Рассуждения о Франции - [52]
Это тем более удивительно, что Местр не рассматривается уже, как то было в XIX веке, в качестве одного из столпов легитимистской католической мысли, что он не является более знаменосцем социального консерватизма, политического ультрарасизма, религиозного ультрамонтанства. Со времен второй мировой войны ни одна школа мысли, ни одна церковь или секта более его не востребовала. Как же объяснить вызываемый им интерес?[282]
Сиоран в своем блестящем эссе о реакционной мысли дает объяснение: Местр входит в число великих провокаторов. Его ум, в котором нет чувства меры, разговаривает с нашим веком, полным несоразмерностей. Местр — полемист, «служащий предприятиям безнадежным», фанатик парадокса, «неистовый доктринер», столь мало христианский Савонарола, который обольщает и одновременно выводит из себя таких моралистов, как Сиоран и Ионеско. Вчера у него, как у певца порядка, искали доводы, заставляющие поверить в возвращение аристократического общества; сегодня, может быть, именно у него, как у ниспровергателя Просвещения, разрушителя наших светских идолов, современники ищут понимания того, что означает дрожь святотатства. (стр.205 >)

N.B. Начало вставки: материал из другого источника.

Section Interpolation.
Variables (R : realType) (f : R -> R) (b L : R) (K : nat).
Hypotheses (b_gt0 : 0 < b) (K_gt0 : (0 < K)%N).
Hypothesis f_lip : forall x y, `|f x - f y| <= L * `|x - y|.

Local Notation x_ := (gridx b K).

Definition mesh : R := 2 * b / K%:R.

Definition slope j : R := (f (x_ (minn j.+1 K)) - f (x_ j)) / mesh.

Definition interp (x : R) : R :=
  \sum_(0 <= j < K) slope j * ramp (x_ j) (x_ j.+1) x + f (x_ 0).

Lemma mesh_gt0 : 0 < mesh.
Proof. by rewrite divr_gt0 ?mulr_gt0 ?ltr0n. Qed.

Lemma gridxE k : x_ k = - b + k%:R * mesh.
Proof. by rewrite /gridx /mesh !mulrA [_ * 2]mulrC. Qed.

Lemma gridxS k : x_ k.+1 = x_ k + mesh.
Proof. by rewrite !gridxE -addn1 natrD; ring. Qed.

Lemma gridx0 : x_ 0 = - b.
Proof. by rewrite gridxE mul0r addr0. Qed.

Lemma gridxK : x_ K = b.
Proof. by rewrite gridxE /mesh; field; rewrite pnatr_eq0 -lt0n. Qed.

Lemma gridx_le i k : (i <= k)%N -> x_ i <= x_ k.
Proof. by move=> ik; rewrite !gridxE lerD2l ler_pM2r ?mesh_gt0 // ler_nat. Qed.

Lemma coefcE k : (k <= K)%N ->
  coefc f b K k = slope k - (if k is k'.+1 then slope k' else 0).
Proof.
have b0 : b != 0 by rewrite gt_eqF.
have K0 : K%:R != 0 :> R by rewrite pnatr_eq0 -lt0n.
rewrite /coefc /slope /mesh; case: k => [|k] le_kK /=.
  by rewrite subr0; field; rewrite K0 b0.
by rewrite (minn_idPl le_kK); field; rewrite K0 b0.
Qed.

Lemma realize1_Fnet_interp x : realize1 (@relu R) (Fnet f b K) x = interp x.
Proof.
rewrite realize1_Fnet /interp; congr (_ + _).
transitivity (\sum_(0 <= k < K.+1)
    (slope k - (if k is k'.+1 then slope k' else 0)) * relu (x - x_ k)).
  by apply: eq_big_nat => k /andP[_ lt_kK]; rewrite coefcE.
rewrite summation_by_parts /slope (minn_idPr (leqnSn K)) subrr !mul0r addr0.
by apply: eq_big_nat.
Qed.

Lemma lip_const_ge0 : 0 <= L.
Proof. by have := f_lip 1 0; rewrite subr0 normr1 mulr1; apply: le_trans. Qed.

Lemma slope_bound j : (j < K)%N -> `|slope j| <= L.
Proof.
move=> lt_jK; rewrite /slope (minn_idPl lt_jK) normf_div (gtr0_norm mesh_gt0).
rewrite ler_pdivrMr ?mesh_gt0 //; have := f_lip (x_ j.+1) (x_ j).
by rewrite {2}gridxS addrAC subrr add0r (gtr0_norm mesh_gt0).
Qed.

Lemma sum_ramp_gridx t :
  \sum_(0 <= j < K) ramp (x_ j) (x_ j.+1) t = ramp (x_ 0) (x_ K) t.
Proof.
rewrite /ramp (telescope_sumr_eq (fun j => - relu (t - x_ j))) //; first by ring.
by move=> j _; ring.
Qed.

Lemma interp_lipschitz x y : `|interp x - interp y| <= L * `|x - y|.
Proof.
wlog le_xy : x y / x <= y.
  by move=> W; case: (leP x y) => [/W //|/ltW /W]; rewrite distrC [`|y - x|]distrC.
rewrite distrC [`|x - y|]distrC (ger0_norm (_ : 0 <= y - x)) ?subr_ge0 //.
rewrite /interp opprD addrACA subrr addr0 -sumrB.
apply: (le_trans (ler_norm_sum _ _ _)).
apply: (@le_trans _ _ (\sum_(0 <= j < K) L * (ramp (x_ j) (x_ j.+1) y - ramp (x_ j) (x_ j.+1) x))).
  apply: ler_sum_nat => j /andP[_ lt_jK].
  have /andP[d_ge0 _] := ramp_incr (gridx_le (leqnSn j)) le_xy.
  by rewrite -mulrBr normrM (ger0_norm d_ge0) ler_wpM2r ?slope_bound.
rewrite -mulr_sumr sumrB !sum_ramp_gridx ler_wpM2l ?lip_const_ge0 //.
by case/andP: (ramp_incr (gridx_le (leq0n K)) le_xy).
Qed.

Lemma interp_gridx m : (m <= K)%N -> interp (x_ m) = f (x_ m).
Proof.
move=> le_mK; rewrite /interp (big_cat_nat (leq0n m) le_mK) /=.
rewrite [X in _ + X + _]big1_seq ?addr0; last first.
  move=> j /andP[_]; rewrite mem_index_iota => /andP[le_mj _].
  by rewrite ramp_left ?mulr0 // gridx_le.
rewrite (telescope_sumr_eq (fun j => f (x_ j))) //; first by rewrite subrK.
move=> j /andP[_ lt_jm]; rewrite ramp_right ?gridx_le //.
rewrite {1}gridxS addrAC subrr add0r /slope (minn_idPl (leq_trans lt_jm le_mK)).
by rewrite divfK ?gt_eqF ?mesh_gt0.
Qed.

Lemma exists_gridx_near n x : x_ 0 <= x <= x_ n + mesh / 2 ->
  exists2 m, (m <= n)%N & `|x - x_ m| <= mesh / 2.
Proof.
case/andP=> ge_x0; elim: n => [|n IH] le_xn.
  by exists 0%N => //; rewrite ger0_norm ?subr_ge0 // lerBlDl.
have [/IH [m le_mn near_m]|lt_xn] := leP x (x_ n + mesh / 2).
  by exists m => //; apply: leqW.
exists n.+1 => //; have := mesh_gt0; move: le_xn lt_xn; rewrite gridxS ler_norml.
by move=> *; apply/andP; split; lra.
Qed.

Lemma interp_error_gridx m x : (m <= K)%N -> `|interp x - f x| <= 2 * L * `|x - x_ m|.
Proof.
move=> le_mK; apply: (le_trans (ler_distD (interp (x_ m)) _ _)).
rewrite -mulrA mulr_natl mulr2n lerD ?interp_lipschitz // interp_gridx //.
by rewrite [`|x - _|]distrC f_lip.
Qed.

Lemma interp_error_in x : - b <= x <= b -> `|interp x - f x| <= L * mesh.
Proof.
case/andP=> ge_xb le_xb; have [|m le_mK near_m] := @exists_gridx_near K x.
  by rewrite gridx0 gridxK ge_xb /=; have := mesh_gt0; lra.
apply: (le_trans (interp_error_gridx x le_mK)).
by rewrite [2 * L]mulrC -mulrA ler_wpM2l ?lip_const_ge0 //; lra.
Qed.

Lemma interp_error_out x : b <= `|x| -> `|interp x - f x| <= 2 * L * `|x|.
Proof.
have twoL_ge0 : 0 <= 2 * L by rewrite mulr_ge0 ?lip_const_ge0.
have [x_ge0|x_lt0] := lerP 0 x.
  rewrite (ger0_norm x_ge0) => le_bx; apply: (le_trans (interp_error_gridx x (leqnn K))).
  by rewrite gridxK ger0_norm ?subr_ge0 // ler_wpM2l // gerBl ltW.
rewrite (ltr0_norm x_lt0) => le_bx; apply: (le_trans (interp_error_gridx x (leq0n K))).
by rewrite gridx0 ler0_norm ?ler_wpM2l //; have := b_gt0; lra.
Qed.

Lemma interp_error_weighted (eps q : R) x : 0 <= eps -> 1 <= q ->
  L * mesh <= eps -> 2 * L <= eps * b `^ (q - 1) ->
  `|interp x - f x| <= eps * Num.max 1 (`|x| `^ q).
Proof.
move=> eps_ge0 q_ge1 mesh_le twoL_le; have [le_xb|lt_bx] := leP `|x| b.
  apply: le_trans (interp_error_in _) _; first by rewrite -ler_norml.
  by rewrite (le_trans mesh_le) // ler_peMr // le_max lexx.
apply: le_trans (interp_error_out (ltW lt_bx)) _.
apply: le_trans (linear_le_powR eps_ge0 q_ge1 (ltW b_gt0) (ltW lt_bx) twoL_le) _.
by rewrite ler_wpM2l // le_max lexx orbT.
Qed.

1789 год явился для савойского сенатора знамением новой мировой эпохи:[283] это предчувствие он разделил с самыми проницательными его современниками, с умами, предвосхитившими романтизм, — Луи-Клодом де Сен-Мартеном, Балланшем,[284] мадам де Сталь, Шатобрианом. Как и они, Местр ощутил в Революции не только разрушение религиозного, политического и социального порядка, но и глубокое потрясение старого мира: время испытания, неотступным образом ставящего проблему присутствия зла, но зла неизбежного, предвестника возрождения как индивидов, так и наций.
Тема «Жозеф де Местр и Революция» — это не только Местр до и во время Революции (когда савояр из свидетеля Революции превращается в ее активного противника), но это также Жозеф де Местр через Революцию. Именно благодаря этому грандиозному событию Местр открылся себе самому как политический и как религиозный писатель. Именно Террор, вторжение иррациональности в историю, порывая с возможностями разума к пониманию, превратил Местра в писателя, выражающего парадокс, аллегорию, возвышенное.
Дантово дыхание, ощутимое в лучших страницах таких произведений Местра, как «Речи маркизе де Коста» (1794), «Рассуждения о Франции» (1797), «С. — Петербургские вечера» (1821), есть выражение стилистики возвышенного, к которой прибегает Местр для выявления метаполитического и метафизического значения Революции. Обращение к возвышенному является (стр.206 >) для него единственным риторическим способом постигнуть трансцендентность, понять потаенный смысл Революции таким, каким он открылся озарению Местра, начиная с 1794 года. (…)
Увлеченно наблюдая за предвестниками великих революционных дней, а затем за ними самими, этот савояр, подданный сардинского короля, интуитивно понял, что Французская революция одновременно и необходима, и неизбежна: дочь века Просвещения и, как вскоре он добавит, дочь века Реформации, она представится ему, после прочтения и осмысления труда Бёрка,[285] конечным следствием направленности западной эпистемологии со времени Возрождения. Местр увидит в реформизме своей молодости и в более радикальном реформизме членов французских судебных палат заблуждение, которое было в самих истоках Революции: этого восстания нотаблей, к которому он присоединился всем сердцем и душой.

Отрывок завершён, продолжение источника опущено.